README-work
Lingua::Stem::Russian Raku package
Introduction
This Raku package is for stemming Russian words. It implements the Snowball algorithm presented in [SNa1].
Usage examples
The RussianStem
function is used to find stems:
use Lingua::Stem::Russian;
say RussianStem('всходы')
RussianStem
also works with lists of words:
say RussianStem('Всходы урожая ожидаются с терпением, питьем и беконом.'.words)
The function russian-word-stem
can be used as a synonym of RussianStem
.
Command Line Interface (CLI)
The package provides the CLI function RussianStem
. Here is its usage message:
RussianStem --help
Here are example shell commands of using the CLI function RussianStem
:
RussianStem Какие
RussianStem --format=raku "Модуль Raku, предоставляющий процедуру для русского языка."
RussianStem Проверить корректность подбора по словарям и правилам
Here is a pipeline example using the CLI function get-tokens
of the package
"Grammar::TokenProcessing",
[AAp1]:
get-tokens ./DataQueryPhrases-template | RussianStem --format=raku
# ("ассоциац", "ассоциирован", "ассоциирова", "безопасн", "восходя", "выбер", "заказа", "комбайн", "крестообразн",
# "поверхност", "мутирова", "обзор", "обобщ", "переименова", "пол", "просмотрет", "разгруппирова", "разделител",
# "распла", "расстав", "символ", "слит", "слиян", "сплит", "табулирова", "тольк", "убыва", "уверен", "форм",
# "формат", "формирова", "формул", "широк")

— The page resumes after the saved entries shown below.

Lemma DeltaR1 f i k : DeltaR E f [:: i] [:: k] = f i * (E k i)^-1.
Proof.
have /(_ 0%N isT) := qcoefP genE (ix := [:: i]) (kx := [:: k]) isT isT erefl.
rewrite big_ord1 /= => Eki_q.
have Eki_unit : E k i \is a GRing.unit.
  apply/skewR/eqP => Eki0; move/eqP: Eki_q.
  by rewrite Eki0 mul0r eq_sym oner_eq0.
by rewrite /DeltaR big_ord1 /= -[qcoef _ _ _ _](mulKr Eki_unit) Eki_q mulr1.
Qed.

Lemma DeltaR_rcons2 f I ks i i' km :
  uniq (rcons (rcons I i) i') -> uniq (rcons ks km) -> size ks = (size I).+1 ->
  DeltaR E f (rcons (rcons I i) i') (rcons ks km) =
    (DeltaR E f (rcons I i) ks - DeltaR E f (rcons I i') ks)
    * (DeltaR E (row_of E km) (rcons I i) ks
       - DeltaR E (row_of E km) (rcons I i') ks)^-1.
Proof.
move=> uIii uks sks.
have uIi : uniq (rcons I i) by move: uIii; rewrite rcons_uniq => /andP[].
have uIi' : uniq (rcons I i').
  move: uIii; rewrite !rcons_uniq mem_rcons inE negb_or.
  by case/andP=> /andP[_ ->] /andP[_ ->].
have uks' := subseq_uniq (subseq_rcons ks km) uks.
have size_rcons_I j : size (rcons I j) = size ks by rewrite size_rcons sks.
have size_rcons2 : size (rcons (rcons I i) i') = size (rcons ks km).
  by rewrite !size_rcons sks.
have a1P := qcoefP genE uIi uks' (size_rcons_I i).
have a2P := qcoefP genE uIi' uks' (size_rcons_I i').
have qcoefE := qcoef_spec_uniq genE uIii uks size_rcons2
  (qcoefP genE uIii uks size_rcons2) (qcoef_spec_rcons2 genE uIii uks sks a1P a2P skewR).
rewrite {1}/DeltaR -[LHS]/(lincomb f _ _) (eq_lincomb _ qcoefE).
by rewrite lincombZr lincomb_coefB_rcons2.
Qed.

Lemma DeltaR2 f i i' k k' : i != i' -> k != k' ->
  DeltaR E f [:: i; i'] [:: k; k'] =
    (DeltaR E f [:: i] [:: k] - DeltaR E f [:: i'] [:: k])
    * (DeltaR E (row_of E k') [:: i] [:: k]
       - DeltaR E (row_of E k') [:: i'] [:: k])^-1.
Proof.
by move=> ii' kk'; apply: (DeltaR_rcons2 f (I := [::]) (ks := [:: k])) => /=;
  rewrite ?inE ?andbT.
Qed.

End RightDifferenceDerivatives.

Lemma generic_mx_tr (R : unitRingType) (E : nat -> nat -> R) :
  generic_mx E -> generic_mx (K := R^c) (fun i k => E k i).
Proof.
move=> genE n rs cs urs ucs srs scs.
have [B [EB BE]] := genE n cs rs ucs urs scs srs.
exists (B^T : 'M[R^c]_n); split; apply/matrixP => l j.
- move/matrixP/(_ j l): BE; rewrite !mxE eq_sym => <-.
  by apply: eq_bigr => z _; rewrite !mxE.
- move/matrixP/(_ j l): EB; rewrite !mxE eq_sym => <-.
  by apply: eq_bigr => z _; rewrite !mxE.
Qed.
Lemma off_diagonal_witness (d : Z -> Cx) (lam : Cx) (u : Z -> Cx) (m m' : Z) :
  eigenvector d lam u -> u m <> C0 -> u m' <> C0 -> Im (d m) <> Im (d m') ->
  exists e E c mu, 0 < E /\ c <> C0 /\
    inner u e C0 /\ inner e u C0 /\ inner e e (mkC E 0) /\
    inner (Jop d e) u c /\ inner (Jop d e) e mu.
Proof.
  intros Heig Hum Hum' Him.
  assert (Hmm' : m <> m') by (intros ->; apply Him; reflexivity).
  set (al := Cconj (u m')); set (be := mkC (- Re (u m)) (Im (u m))).
  set (e := two_point m m' al be).
  assert (Hem : e m = al /\ e m' = be).
  { unfold e, two_point, delta.
    destruct (Z.eq_dec m m), (Z.eq_dec m m'), (Z.eq_dec m' m), (Z.eq_dec m' m');
      try congruence; split; apply Cx_eq; simpl; ring. }
  assert (Hpos := Cnorm2_pos _ Hum); assert (Hpos' := Cnorm2_pos _ Hum').
  exists e, (Cnorm2 (u m) + Cnorm2 (u m')),
    (Cmul (mkC 0 (2 * (Im (d m) - Im (d m')))) (Cconj (Cmul (u m) (u m')))).
  eexists.
  split; [lra|]; split; [|split; [|split; [|split; [|split]]]].
  -
    intros Hc; apply (f_equal Cnorm2) in Hc; revert Hc.
    replace (Cnorm2 (Cmul (mkC 0 (2 * (Im (d m) - Im (d m')))) (Cconj (Cmul (u m) (u m')))))
      with ((2 * (Im (d m) - Im (d m'))) ^ 2 * (Cnorm2 (u m) * Cnorm2 (u m')))
      by (unfold Cnorm2; simpl; ring).
    replace (Cnorm2 C0) with 0 by (unfold Cnorm2; simpl; ring).
    assert (Hsq : 0 < (2 * (Im (d m) - Im (d m'))) ^ 2)
      by (rewrite <- Rsqr_pow2; apply Rsqr_pos_lt; lra).
    assert (Hprod := Rmult_lt_0_compat _ _ Hsq (Rmult_lt_0_compat _ _ Hpos Hpos')).
    lra.
  - eapply inner_ext; [exact (inner_add_r _ _ _ _ _ (inner_delta_r m al u) (inner_delta_r m' be u))
                      | reflexivity | reflexivity |].
    apply Cx_eq; unfold al, be; simpl; ring.
  - eapply inner_ext; [exact (inner_add_l _ _ _ _ _ (inner_delta_l m al u) (inner_delta_l m' be u))
                      | reflexivity | reflexivity |].
    apply Cx_eq; unfold al, be; simpl; ring.
  - eapply inner_ext; [exact (inner_add_l _ _ _ _ _ (inner_delta_l m al e) (inner_delta_l m' be e))
                      | reflexivity | reflexivity |].
    destruct Hem as [-> ->]; apply Cx_eq; unfold al, be, Cnorm2; simpl; ring.
  - eapply inner_ext; [exact (inner_Jop_two_point d m m' al be u) | reflexivity | reflexivity |].
    rewrite !(adjoint_on_eigenvector d lam u) by exact Heig.
    apply Cx_eq; unfold al, be; simpl; ring.
  - exact (inner_Jop_two_point d m m' al be e).
Qed.

Theorem mainTheorem10 (d : Z -> Cx) (b1 b2 : R) :
  bounded_seq d ->
  b1 <> b2 ->
  (forall n : Z, Z.even n = true -> Im (d n) = b1) ->
  (forall n : Z, Z.even n = false -> Im (d n) = b2) ->
  forall lam : Cx, ~ boundary_eigenvalue d lam.
Proof.
  intros _ Hb12 Heven Hodd lam [[u [Hl2 [[n0 Hn0] Heig]]] [_ Hnot_interior]].
  apply Hnot_interior.
  destruct (eigenvector_both_parities d lam u true n0 Heig Hl2 Hn0) as [m [Hm Hum]].
  destruct (eigenvector_both_parities d lam u false n0 Heig Hl2 Hn0) as [m' [Hm' Hum']].
  destruct Hl2 as [S HS].
  assert (HSpos : 0 < S)
    by exact (sumZ_pos _ _ n0 (fun n => Cnorm2_nonneg _) (Cnorm2_pos _ Hn0) HS).
  destruct (off_diagonal_witness d lam u m m' Heig Hum Hum')
    as [e [E [c [mu [HE [Hc [Hue [Heu [Hee [HJu HJe]]]]]]]]]].
  { rewrite (Heven m Hm), (Hodd m' Hm'); exact Hb12. }
  destruct (compression_interior S E lam c mu HSpos HE Hc) as [eps [Heps Hball]].
  exists eps; split; [exact Heps|]; intros w Hw.
  destruct (Hball w Hw) as [a [b [Hab ->]]].
  exact (numrange_compression d lam u e S E c mu a b Heig (inner_self u S HS)
           Hue Heu Hee HJu HJe Hab).
Qed.
Definition changes_sign_twice (m : set R -> \bar R) (u : R -> R) : Prop :=
  (0 < m [set x | (0 < u x)%R])%E /\ (0 < m [set x | (u x < 0)%R])%E /\
  exists I : set R,
    cyclic_interval I /\ I `<=` `[0, 1] /\
    (I°) !=set0 /\ ((`[0, 1] `\` I)°) !=set0 /\
    (forall x, I x -> 0 <= u x) /\
    (forall x, (`[0, 1] `\` I) x -> u x <= 0).

Definition cmu (mt : {measure set R -> \bar R}) (eta : R -> vec3) (f : R -> R)
  : 'I_3 -> \bar R :=
  fun i => (\int[mt]_(x in `[0%R, 1%R]) (f x * eta x i)%:E)%E.

End defs.

(* Write u := f - g.  The hypotheses make the moments of u against 1 and against
   the coordinates of eta vanish, so u is orthogonal to every affine function of
   eta(l).  On the plane A, l |-> det(eta a, eta l, eta b) is such a function;
   strict convexity forbids three distinct points of the locus on a line, so it
   vanishes only at l = a, b, and by the intermediate value theorem the
   orientation of every ordered triple of the locus is the same.  For the
   endpoints a < b of the cyclic interval where u changes sign, the product of u
   with this determinant therefore has a constant sign and zero integral, hence
   vanishes a.e.: u is a.e. supported on {a, b}.  As u takes a negative value at
   one of them, q, the affine function <eta p - eta q, eta l - eta q> (p the
   other one) multiplied by u is again a.e. nonnegative with zero integral,
   which forces u <= 0 a.e., contradicting the positivity of u on a set of
   positive measure. *)

From HB Require Import structures.
From mathcomp Require Import all_boot all_order all_algebra.
From mathcomp Require Import all_classical all_reals all_analysis.
From mathcomp Require Import measurable_realfun ring lra.
Set Implicit Arguments. Unset Strict Implicit. Unset Printing Implicit Defensive.
Import Order.TTheory GRing.Theory Num.Theory.
Import numFieldNormedType.Exports.
Local Open Scope classical_set_scope.
Local Open Scope ring_scope.

Section orientation.
Variable R : realType.
Implicit Types x y z : vec3 R.

Lemma ord3P (i : 'I_3) : [\/ i = 0, i = 1 | i = 2%R].
Proof.
by case: i => -[|[|[|//]]] Hi; [constructor 1 | constructor 2 | constructor 3];
  apply/val_inj.
Qed.

Lemma sum3E x : sum3 x = x 0 + x 1 + x 2%R.
Proof.
rewrite /sum3 !big_ord_recr big_ord0 /= add0r.
by congr (x _ + x _ + x _); apply/val_inj.
Qed.

(* Twice the signed area of the triangle x y z projected to the first two
   coordinates; for points of the plane A it is the determinant det(x, y, z). *)
Definition orient x y z : R :=
  (x 0 * y 1 - x 1 * y 0) + (y 0 * z 1 - y 1 * z 0) + (z 0 * x 1 - z 1 * x 0).

Lemma orient_rotate x y z : orient x y z = orient y z x.
Proof. rewrite /orient; ring. Qed.

Lemma orient_swap x y z : orient x y z = - orient x z y.
Proof. rewrite /orient; ring. Qed.

Lemma orient_xx x z : orient x x z = 0.
Proof. rewrite /orient; ring. Qed.
Lemma improper_integral_Fintegrand n rho L : 0 < rho ->
  improper_integral_0_inf (Fintegrand n rho) L -> L = RInt (kernel n (rho ^ 2)) 0 1.
Proof.
  intros Hr [Hint Hlim]. apply cond_eq. intros eps Heps.
  set (u := rho ^ 2). assert (Hu : 0 < u) by (apply pow_lt; lra).
  set (B := / Rmin u 1 ^ 2).
  assert (HB : 0 < B) by (apply Rinv_0_lt_compat, pow_lt, Rmin_pos; lra).
  destruct (Hlim (eps / 2) ltac:(lra)) as [M0 HM0].
  set (M := Rmax M0 0 + 2 * B / eps).
  assert (HM : 0 <= M /\ M0 <= M).
  { pose proof (Rmax_l M0 0). pose proof (Rmax_r M0 0).
    assert (0 < 2 * B / eps) by (apply Rdiv_lt_0_compat; lra). unfold M. lra. }
  destruct (Hint M (proj1 HM)) as [pr].
  specialize (HM0 M pr (proj2 HM)).
  rewrite <- RInt_Reals, RInt_Fintegrand_kernel in HM0 by (tauto || lra).
  fold u in HM0. set (T := M / (1 + M)) in HM0.
  assert (H1T : 1 - T = / (1 + M)) by (unfold T; field; lra).
  assert (HT : 0 <= T <= 1).
  { pose proof (Rinv_0_lt_compat (1 + M) ltac:(lra)).
    assert (/ (1 + M) <= 1) by (rewrite <- Rinv_1; apply Rinv_le_contravar; lra). lra. }
  assert (Htail : Rabs (RInt (kernel n u) T 1) < eps / 2).
  { eapply Rle_lt_trans; [apply abs_RInt_kernel_tail; assumption|].
    rewrite H1T. apply (Rmult_lt_reg_l (1 + M)); [lra|].
    assert (Hmin : 0 < Rmin u 1) by (apply Rmin_pos; lra).
    replace ((1 + M) * (/ (1 + M) / Rmin u 1 ^ 2)) with B by (unfold B; field; lra).
    unfold M. replace ((1 + (Rmax M0 0 + 2 * B / eps)) * (eps / 2))
      with ((1 + Rmax M0 0) * (eps / 2) + B) by (field; lra).
    pose proof (Rmax_r M0 0). nra. }
  rewrite <- (RInt_Chasles (V:=R_CompleteNormedModule) (kernel n u) 0 T 1)
    by (apply ex_RInt_kernel; lra).
  replace (L - (plus (RInt (kernel n u) 0 T) (RInt (kernel n u) T 1)))
    with (- (RInt (kernel n u) 0 T - L) - RInt (kernel n u) T 1) by (unfold plus; simpl; ring).
  eapply Rle_lt_trans; [apply Rabs_triang|]. rewrite !Rabs_Ropp. lra.
Qed.

Definition metric_monos (c : R) : list mono := Mono c 0 0 0 2 :: nil.

Lemma eval_metric_monos n c x y t : 0 <= t <= 1 ->
  eval_monos n (metric_monos c) x y t = c * kernel n (x ^ 2 + y ^ 2) t.
Proof.
  intros Ht. cbn [eval_monos metric_monos]. unfold eval_mono, kernel, qden.
  cbn [coef xdeg ydeg wdeg qdeg]. rewrite clamp01_id, pow_inv by exact Ht. unfold Rdiv. ring.
Qed.

Lemma param_integral_metric_radial n c x y : 0 < x ^ 2 + y ^ 2 ->
  param_integral n (metric_monos c) x y = c * RInt (kernel n (x ^ 2 + y ^ 2)) 0 1.
Proof.
  intros Hr. unfold param_integral.
  rewrite <- (RInt_scal (V:=R_CompleteNormedModule)) by (apply ex_RInt_kernel; lra).
  apply RInt_ext. intros t Ht. rewrite Rmin_left, Rmax_right in Ht by lra.
  apply eval_metric_monos. lra.
Qed.

Lemma param_integral_metric_pos n c x y : (3 <= n)%nat -> 0 < c ->
  0 < param_integral n (metric_monos c) x y.
Proof.
  intros Hn Hc. apply RInt_gt_0; [lra| |].
  - intros t Ht. rewrite eval_metric_monos by lra. unfold kernel.
    apply Rmult_lt_0_compat; [exact Hc|]. apply Rdiv_lt_0_compat.
    + apply weight_pos, Ht.
    + pose proof (qden_pos x y t ltac:(lra)) as Hq. unfold qden in Hq. apply pow_lt, Hq.
  - intros t _. apply continuous3_slice_t, continuous3_eval_monos; [lia|].
    constructor; [unfold admissible; simpl; lia | constructor].
Qed.

Lemma sum_sqr_pos x y : (x, y) <> (0, 0) -> 0 < x ^ 2 + y ^ 2.
Proof.
  intros Hxy. destruct (Req_dec x 0); [destruct (Req_dec y 0); [subst; congruence|]|]; nra.
Qed.
(* Write S_H for the additive span of the components S_h, h in H, and induct
   along the subnormal series, starting from S_1 = S_e.  Two facts are needed,
   and neither uses that the sum of the components is direct.
   - Finite index: if G = t_1 K u ... u t_m K then S is a finitely generated
     right S_K-module.  For each coset, noetherianity of S_e lets finitely many
     products a_i b_i (a_i in S_g, b_i in S_{g^-1}, g in t_j K) generate the right
     ideal of S_e spanned by all such products, and every s in S_g is a sum of
     products a b c, hence of a_i (b_i r c) with b_i r c in S_K.
   - Cyclic extension: if H/K is generated by aK, S_H is graded by Z with
     U_m = S_{a^m K} and U_0 = S_K, and each U_n has a right local unit in
     U_{-n} U_n.  A Hilbert basis argument on leading terms then transfers
     noetherianity from U_0 to S_H; the local units let the leading terms in
     degree n be recovered from those in degree 0.
   The local units come from the epsilon_g, which are commuting idempotents of
   S_e: finitely many generate all those of a given set of degrees, and their
   join is a common unit.  The left-noetherian case is the right one for the
   opposite ring graded by g |-> S_{g^-1}. *)

From mathcomp Require Import all_boot all_order all_algebra zify.
From Stdlib Require Import Classical ClassicalEpsilon.
Set Implicit Arguments. Unset Strict Implicit. Unset Printing Implicit Defensive.
Import Order.TTheory GRing.Theory.
Local Open Scope ring_scope.
Theorem proposition2
  (P yH yL u gamma : R) (C Cp Cpp eta etap etapp : R -> R)
  (HP : 0 < P) (HyL : 0 <= yL) (Hy : yL < yH)
  (Hgamma : 0 < gamma <= 1)
  (HC : cost_assumptions C Cp Cpp)
  (Heta : penalty_assumptions eta etap etapp)
  (Hbeta : exists beta, 0 <= beta /\ gamma * etap beta = 1) :
  forall a, 0 <= a < 1 ->
    wHstar C Cp u a = Rmax (Cp a) (u + (1 - a) * Cp a + C a) /\
    (exists bH bL,
        optimal_at P yH yL u gamma C eta a
          (wHstar C Cp u a) (wLstar C Cp u a) bH bL) /\
    (0 < a -> forall wH wL bH bL,
        optimal_at P yH yL u gamma C eta a wH wL bH bL ->
        wL = wLstar C Cp u a /\ wH = wHstar C Cp u a).
Proof.
  intros a Ha. destruct Hbeta as (beta & Hbeta_nonneg & Hbeta_ideal).
  assert (Hgamma_pos : 0 < gamma) by lra.
  set (wH0 := wHstar C Cp u a). set (wL0 := wLstar C Cp u a).
  assert (Hfeas0 : feasible_at C u a wH0 wL0 (Rmin wH0 beta) (Rmin wL0 beta))
    by (eapply feasible_wstar; eauto).
  pose proof (profit_at_ideal_theft gamma beta eta P yH yL a wH0 wL0) as Hprofit0.
  assert (Hbound : forall wH wL bH bL, feasible_at C u a wH wL bH bL ->
            profit P yH yL gamma eta a wH wL bH bL
            <= best_theft_profit gamma beta eta P yH yL a wH wL)
    by (intros wH wL bH bL (_ & _ & _ & _ & HbL & HbH);
        eapply profit_le_best_theft_profit; eauto; lra).
  split; [apply wHstar_eq_Rmax |]. split.
  - exists (Rmin wH0 beta), (Rmin wL0 beta). split; [exact Hfeas0 |].
    intros wH wL bH bL Hfeas. rewrite Hprofit0.
    eapply Rle_trans; [exact (Hbound _ _ _ _ Hfeas) |].
    eapply best_theft_profit_le_wstar; eauto.
  - intros Ha_pos wH wL bH bL [Hfeas Hopt].
    pose proof (Hopt _ _ _ _ Hfeas0) as Hle. rewrite Hprofit0 in Hle.
    destruct (Req_dec wL wL0) as [HwL | HwL].
    + pose proof (IC_wage_gap C Cp Cpp HC a wH wL ltac:(lra) (proj1 Hfeas)).
      split; [exact HwL |]. unfold wH0, wHstar. fold wL0. lra.
    + pose proof (Hbound _ _ _ _ Hfeas).
      assert (best_theft_profit gamma beta eta P yH yL a wH wL
              < best_theft_profit gamma beta eta P yH yL a wH0 wL0)
        by (eapply best_theft_profit_lt_wstar; eauto; lra).
      lra.
Qed.
Definition Mterm {R : realType} (N r l : nat) (n : R) : R :=
  (7 / 5) ^+ l / (13 / 10) ^+ r * Gamma ((l%:R + 1) / 2)
  * n `^ (l%:R / 8 - r%:R / 4 + (N%:R + 2) / 2)
  * expR (- ((13 / 10) ^+ 2 * n `^ (1 / 4))).

Definition M {R : realType} (N r l : nat) : \bar R :=
  ereal_sup [set (Mterm N r l n)%:E | n in [set n : R | nN N <= n]].

From HB Require Import structures.
From mathcomp Require Import all_boot all_order all_algebra.
From mathcomp Require Import all_classical all_reals all_analysis.
From mathcomp Require Import measurable_realfun exponential_distribution.
From mathcomp Require Import ring lra.
Import Order.TTheory GRing.Theory Num.Theory.
Local Open Scope ring_scope.
Local Open Scope classical_set_scope.

(* With u = ln n / 4 and a = l - 2r + 2N + 4 >= 0, the quantity inside the supremum is
   C * Gamma (l + 1/2) * exp (a u - 1.3^2 e^u).  For n >= n_N we have e^u >= m := n_N^(1/4),
   and 1.3^2 m = 3 (3N+4) ln (6N+8) >= a, so u |-> a u - 1.3^2 e^u is nonincreasing there
   (e^u lies above its tangent at u = ln m); the supremum is therefore at most its value at
   u = ln m, which is exp (-Theta (N ln N)).  Gamma (l + 1/2) <= 4 + 2^(l+1) l! by splitting the
   integral at 1: on ]0,1] the integrand is below t^(-1/2), whose integral is at most 4 by a
   4-adic decomposition of ]0,1], and on ]1,+oo[ it is below 2^(l+1) l! times the exponential
   density of rate 1/2.  Elementary bounds on exp and ln finish the estimate. *)

Section powRN_half_integral.
Context {R : realType}.
Local Notation mu := (@lebesgue_measure R).

Definition quarter (k : nat) : R := 4^-1 ^+ k.

Lemma quarter_gt0 k : 0 < quarter k.
Proof. by rewrite exprn_gt0. Qed.

Lemma quarterS k : quarter k.+1 = quarter k / 4.
Proof. by rewrite /quarter exprSr. Qed.

Lemma quarter_le_inv k : quarter k <= k.+1%:R^-1.
Proof.
rewrite /quarter exprVn lef_pV2 ?posrE ?exprn_gt0 ?ltr0n// -natrX ler_nat.
exact: ltn_expl.
Qed.

Lemma quarterE k : quarter k = (2^-1 ^+ k) ^+ 2.
Proof.
rewrite /quarter (_ : 4^-1 = 2^-1 ^+ 2); last by rewrite expr2; lra.
by rewrite -exprM mulnC exprM.
Qed.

Remark: These kind of tokens (literals) transformations are used in the packages "DSL::Bulgarian", [AAp2], and "DSL::Russian", [AAp3],
Implementation notes
Reprogrammed to Raku from : https://github.com/neilb/Lingua-Stem-Ru/blob/master/lib/Lingua/Stem/Ru.pm .
TODO
DONE Respect the word case in the returned result.
RussianStem('ТАБЛА')
should return'ТАБЛ'
.(Not
'табл'
as it currently does.)
DONE CLI that can be inserted in UNIX pipelines.
TODO Performance statistics.
TODO More detailed documentation.
References
Articles
[SNa1] Snowball Team, Russian stemming algorithm, (2002), snowball.tartarus.org.
Packages
[AAp1] Anton Antonov, Grammar::TokenProcessing Raku package, (2022), GitHub/antononcube.
[AAp2] Anton Antonov, DSL::Bulgarian Raku package, (2022), GitHub/antononcube.
[AAp3] Anton Antonov, DSL::Russian Raku package, (2023), GitHub/antononcube.